Source URL: https://www.theregister.com/2024/11/02/fca_it_resilience/
Source: Hacker News
Title: Financial institutions told to get their house in order before next CrowdStrike
Feedly Summary: Comments
AI Summary and Description: Yes
Summary: The text discusses the UK’s Financial Conduct Authority (FCA) urging financial institutions to enhance their resilience against IT outages similar to the significant disruption caused by a CrowdStrike software update. This incident emphasizes the reliance on third-party technology, the importance of operational resilience, and compliance with upcoming FCA regulations by March 2025.
Detailed Description:
– The UK’s Financial Conduct Authority (FCA) is addressing the importance of operational resilience among financial institutions following a disruptive incident linked to CrowdStrike.
– The CrowdStrike incident in July involved a faulty software update that crashed a substantial number of devices, affecting numerous financial organizations, including major banks and trading houses.
– Key highlights from the incident and the FCA’s response:
– Operational Disruptions: The FCA identified unregulated third parties as the primary source of operational disruptions between 2022 and 2023.
– Recommendation for Preparedness: The FCA encourages institutions to bolster their operational resilience and readiness for similar incidents, regardless of their direct impact during the CrowdStrike event.
– Compliance Deadline: The FCA’s regulations (PS21/3) call for robust business continuity measures, with a compliance deadline approaching in March 2025.
– Response Effectiveness: Organizations that had adhered to PS21/3 effectively prioritized recovery efforts post-outage, which minimized impact.
– Risk Management Improvements: Financial institutions needed to reassess their tech stack for weaknesses, leading some to explore alternative solutions or improve change management processes for software updates.
– Update-Testing Procedures: The FCA insisted that institutions validate their update-testing processes to swiftly contain potential faults.

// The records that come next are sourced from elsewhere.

(* Each term t/(A+2t) is nondecreasing in t, hence psi2 changes by a factor at
   most (1-e)^2 when t changes by a factor at most 1-e. *)
Lemma psi2_compare (t t' e : R) : 0 < t -> 0 < t' -> 0 <= e < 1 ->
  (1 - e) * t <= t' -> (1 - e) * t' <= t -> (1 - e) ^ 2 * psi2 t <= psi2 t'.
Proof.
  intros Ht Ht' He H1 H2.
  apply (series_le (fun i => (1 - e) ^ 2 * psi2_term t i) (psi2_term t')).
  - intros i. unfold psi2_term. pose proof (sq_pos i). set (A := a i ^ 2) in *; clearbody A.
    assert (Hf : (1 - e) * (t / (A + 2 * t)) <= t' / (A + 2 * t')).
    { rewrite Rmult_div_assoc. apply frac_le; [lra|lra|].
      assert ((1 - e) * t * A <= t' * A) by (apply Rmult_le_compat_r; lra).
      assert ((1 - e) * (t * t') <= t * t') by (assert (0 < t * t') by nra; nra).
      nra. }
    assert (Hf0 : 0 <= (1 - e) * (t / (A + 2 * t))).
    { apply Rmult_le_pos; [lra|left; apply Rdiv_lt_0_compat; lra]. }
    replace ((1 - e) ^ 2 * (2 * t ^ 2 / (A + 2 * t) ^ 2))
      with (2 * ((1 - e) * (t / (A + 2 * t))) ^ 2) by (field; lra).
    replace (2 * t' ^ 2 / (A + 2 * t') ^ 2) with (2 * (t' / (A + 2 * t')) ^ 2) by (field; lra).
    nra.
  - exact (series_scal _ _ _ (psi2_summable t Ht)).
  - exact (psi2_summable t' Ht').
Qed.

Lemma psi_ratio_near_one (t t' e : R) : 0 < t -> 0 < t' -> 0 <= e <= 1/2 ->
  (1 - e) * t <= t' -> (1 - e) * t' <= t ->
  Rabs (psi a t / psi a t' - 1) <= 2 * e.
Proof.
  intros Ht Ht' He H1 H2.
  change (psi a t) with (sqrt (psi2 t)). change (psi a t') with (sqrt (psi2 t')).
  assert (Hsqrt : forall g, 0 <= g -> sqrt ((1 - e) ^ 2 * g) = (1 - e) * sqrt g).
  { intros g Hg. rewrite sqrt_mult, sqrt_pow2 by (try apply pow2_ge_0; lra). reflexivity. }
  pose proof (psi2_pos t Ht). pose proof (psi2_pos t' Ht').
  apply ratio_near_one; try (apply sqrt_lt_R0; assumption); [exact He| |];
    rewrite <- Hsqrt by lra; apply sqrt_le_1_alt, psi2_compare; lra.
Qed.

Lemma shift_estimate (x t t' : R) : 0 < t -> 0 < t' -> mu a t' = mu a t + x / t ->
  Rabs (t' - t) * psi2 t <= Rmax t t' * Rabs x.
Proof.
  intros Ht Ht' Hshift.
  pose proof (mu_diff t t' (Rlt_le _ _ Ht) Ht') as Hdiff.
  assert (Hx : x = - (2 * t * (t' - t) * cross_sum t t')).
  { rewrite Hshift in Hdiff. apply (Rmult_eq_reg_l (/ t)); [|apply Rinv_neq_0_compat; lra].
    replace (/ t * x) with (x / t) by (field; lra).
    replace (/ t * - (2 * t * (t' - t) * cross_sum t t'))
      with (- (2 * (t' - t) * cross_sum t t')) by (field; lra). lra. }
  assert (Hc : 0 < cross_sum t t').
  { apply (series_pos (cross_term t t')); [|apply cross_summable; lra].
    intros i. apply cross_term_bound; lra. }
  assert (HM : 0 < Rmax t t') by (eapply Rlt_le_trans; [exact Ht|apply Rmax_l]).
  rewrite Hx, Rabs_Ropp, !Rabs_mult, (Rabs_pos_eq 2), (Rabs_pos_eq t),
    (Rabs_pos_eq (cross_sum t t')) by lra.
  pose proof (Rabs_pos (t' - t)).
  pose proof (Rmult_le_compat_l _ _ _ H (psi2_le_cross t t' Ht Ht')). nra.
Qed.


Lemma shift_close (x e t t' : R) : 0 < t -> 0 < t' -> mu a t' = mu a t + x / t ->
  Rabs x <= e * psi2 t -> (1 - e) * t <= t' /\ (1 - e) * t' <= t.
Proof.
  intros Ht Ht' Hshift Hx.
  pose proof (shift_estimate x t t' Ht Ht' Hshift) as Hest.
  assert (HM : 0 < Rmax t t') by (eapply Rlt_le_trans; [exact Ht|apply Rmax_l]).
  pose proof (psi2_pos t Ht).
  apply close_of_max_bound; [exact Ht|exact Ht'|].
  apply (Rmult_le_reg_r (psi2 t)); [lra|]. nra.
Qed.

Lemma shifted_level_in_range (x t : R) : 0 < t -> Rabs x < psi2 t ->
  2 * Rabs x < t * mu a 1 -> mu a t < mu a 1 / 2 -> 0 < mu a t + x / t < mu a 1.
Proof.
  intros Ht Hpsi Hx Hmu.
  pose proof (psi2_le_mu t Ht). pose proof (Rle_abs x). pose proof (Rle_abs (- x)).
  rewrite Rabs_Ropp in *.
  replace (mu a t + x / t) with ((t * mu a t + x) / t) by (field; lra).
  split; [apply Rdiv_lt_0_compat; lra|].
  apply (Rmult_lt_reg_r t); [exact Ht|].
  replace ((t * mu a t + x) / t * t) with (t * mu a t + x) by (field; lra). nra.
Qed.

End SpectralSums.

Section Growth.

Variable a : nat -> R.
Hypothesis a_pos : forall i, 0 < a i.
Hypothesis a_growing : Un_growing a.
Hypothesis inv_sq_summable : exists L, infinite_sum (fun i => / (a i ^ 2)) L.

(* When t >= A_K, the first K+1 terms of psi2 are each at least 2/9. *)
Lemma psi2_lower_bound (K : nat) (t : R) : a K ^ 2 <= t -> 0 < t ->
  2 / 9 * INR (S K) <= psi2 a t.
Proof.
  intros HK Ht. rewrite <- sum_cte.
  apply (Rle_trans _ (sum_f_R0 (psi2_term a t) K)).
  - apply sum_Rle. intros i Hi. unfold psi2_term.
    pose proof (growing_prop a K i a_growing Hi). pose proof (a_pos i).
    assert (HA : a i ^ 2 <= t) by nra. pose proof (sq_pos a a_pos i).
    set (A := a i ^ 2) in *; clearbody A. apply frac_le; [lra|nra|nra].
  - apply sum_incr; [exact (psi2_summable a a_pos inv_sq_summable t Ht)|].
    intros i. unfold psi2_term. pose proof (sq_pos a a_pos i).
    left. apply Rdiv_lt_0_compat; nra.
Qed.

Lemma psi2_unbounded (B : R) : exists T, 0 < T /\ forall t, T <= t -> B <= psi2 a t.
Proof.
  destruct (INR_unbounded (9 / 2 * B)) as [K HK].
  exists (Rmax 1 (a K ^ 2)). split; [eapply Rlt_le_trans; [|apply Rmax_l]; lra|].
  intros t Ht.
  pose proof (Rmax_l 1 (a K ^ 2)). pose proof (Rmax_r 1 (a K ^ 2)).
  eapply Rle_trans; [|apply (psi2_lower_bound K t); lra].
  rewrite S_INR. lra.
Qed.

(* Taking s small makes theta large, hence
   psi2 theta >> |x|, which keeps the shifted level in range and makes the
   shift estimate effective. *)
Lemma shifted_mu_inv_close (x e : R) : 0 < e <= 1 ->
  exists delta, 0 < delta /\ forall s, 0 < s < delta ->
    let th := mu_inv a s in let th' := mu_inv a (s + x * rho a s) in
    0 < th /\ 0 < th' /\ (1 - e) * th <= th' /\ (1 - e) * th' <= th.
Proof.
  intros He.
  set (m1 := mu a 1).
  assert (Hm1 : 0 < m1) by (apply mu_pos; auto; lra).
  destruct (psi2_unbounded ((Rabs x + 1) / e)) as [T0 [HT0 Hbig]].
  set (T := Rmax (Rmax 1 T0) (2 * Rabs x / m1 + 1)).
  assert (HT : 1 <= T /\ T0 <= T /\ 2 * Rabs x / m1 + 1 <= T).
  { unfold T. pose proof (Rmax_l 1 T0). pose proof (Rmax_r 1 T0).
    pose proof (Rmax_l (Rmax 1 T0) (2 * Rabs x / m1 + 1)).
    pose proof (Rmax_r (Rmax 1 T0) (2 * Rabs x / m1 + 1)). lra. }
  assert (HmT : 0 < mu a T) by (apply mu_pos; auto; lra).
  exists (Rmin (m1 / 2) (mu a T)). split; [apply Rmin_pos; lra|].
  intros s [Hs Hsd] th th'.
  pose proof (Rmin_l (m1 / 2) (mu a T)). pose proof (Rmin_r (m1 / 2) (mu a T)).
  destruct (mu_inv_large a a_pos inv_sq_summable T s ltac:(lra) ltac:(lra)) as [HthT Hth].
  fold th in HthT, Hth.
  assert (Hpsi : Rabs x + 1 <= e * psi2 a th).
  { pose proof (Hbig th ltac:(lra)) as Hb. apply (Rmult_le_compat_l e) in Hb; [|lra].
    replace (e * ((Rabs x + 1) / e)) with (Rabs x + 1) in Hb by (field; lra). exact Hb. }
  assert (Hxth : 2 * Rabs x < th * m1).
  { apply (Rmult_lt_compat_r m1) in HthT; [|lra].
    replace (2 * Rabs x) with ((2 * Rabs x / m1) * m1) by (field; lra). nra. }
  assert (Hth0 : 0 < th) by lra.
  assert (Hlevel : 0 < s + x * rho a s < m1).
  { unfold rho. fold th. rewrite <- Hth.
    pose proof (psi2_pos a a_pos inv_sq_summable th Hth0).
    assert (e * psi2 a th <= psi2 a th) by (rewrite <- (Rmult_1_l (psi2 a th)) at 2;
      apply Rmult_le_compat_r; lra).
    apply (shifted_level_in_range a a_pos inv_sq_summable); fold m1; lra. }
  destruct (mu_inv_spec a a_pos inv_sq_summable _ Hlevel) as [Hth'0 Hth'].
  fold th' in Hth'0, Hth'.
  split; [exact Hth0|split; [exact Hth'0|]].
  apply (shift_close a a_pos inv_sq_summable x); [exact Hth0|exact Hth'0| |nra].
  rewrite Hth', Hth. unfold rho. fold th. unfold Rdiv. ring.
Qed.

End Growth.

– Communication Protocols: Recommendations also included preparing templates for external communication to keep stakeholders informed during incidents.
– In terms of legal implications, Delta Air Lines is pursuing legal action against CrowdStrike for financial losses incurred from the outage, pointing out that specific technical failures attributed to both companies caused delays in service restoration.
This incident underscores the necessity for financial institutions to ensure compliance with evolving regulatory frameworks and enhance their cybersecurity and resilience strategies to mitigate the risks of future technology-related disruptions. The lessons learned can serve as an imperative reminder for organizations to evaluate their dependence on third-party services and improve incident response procedures.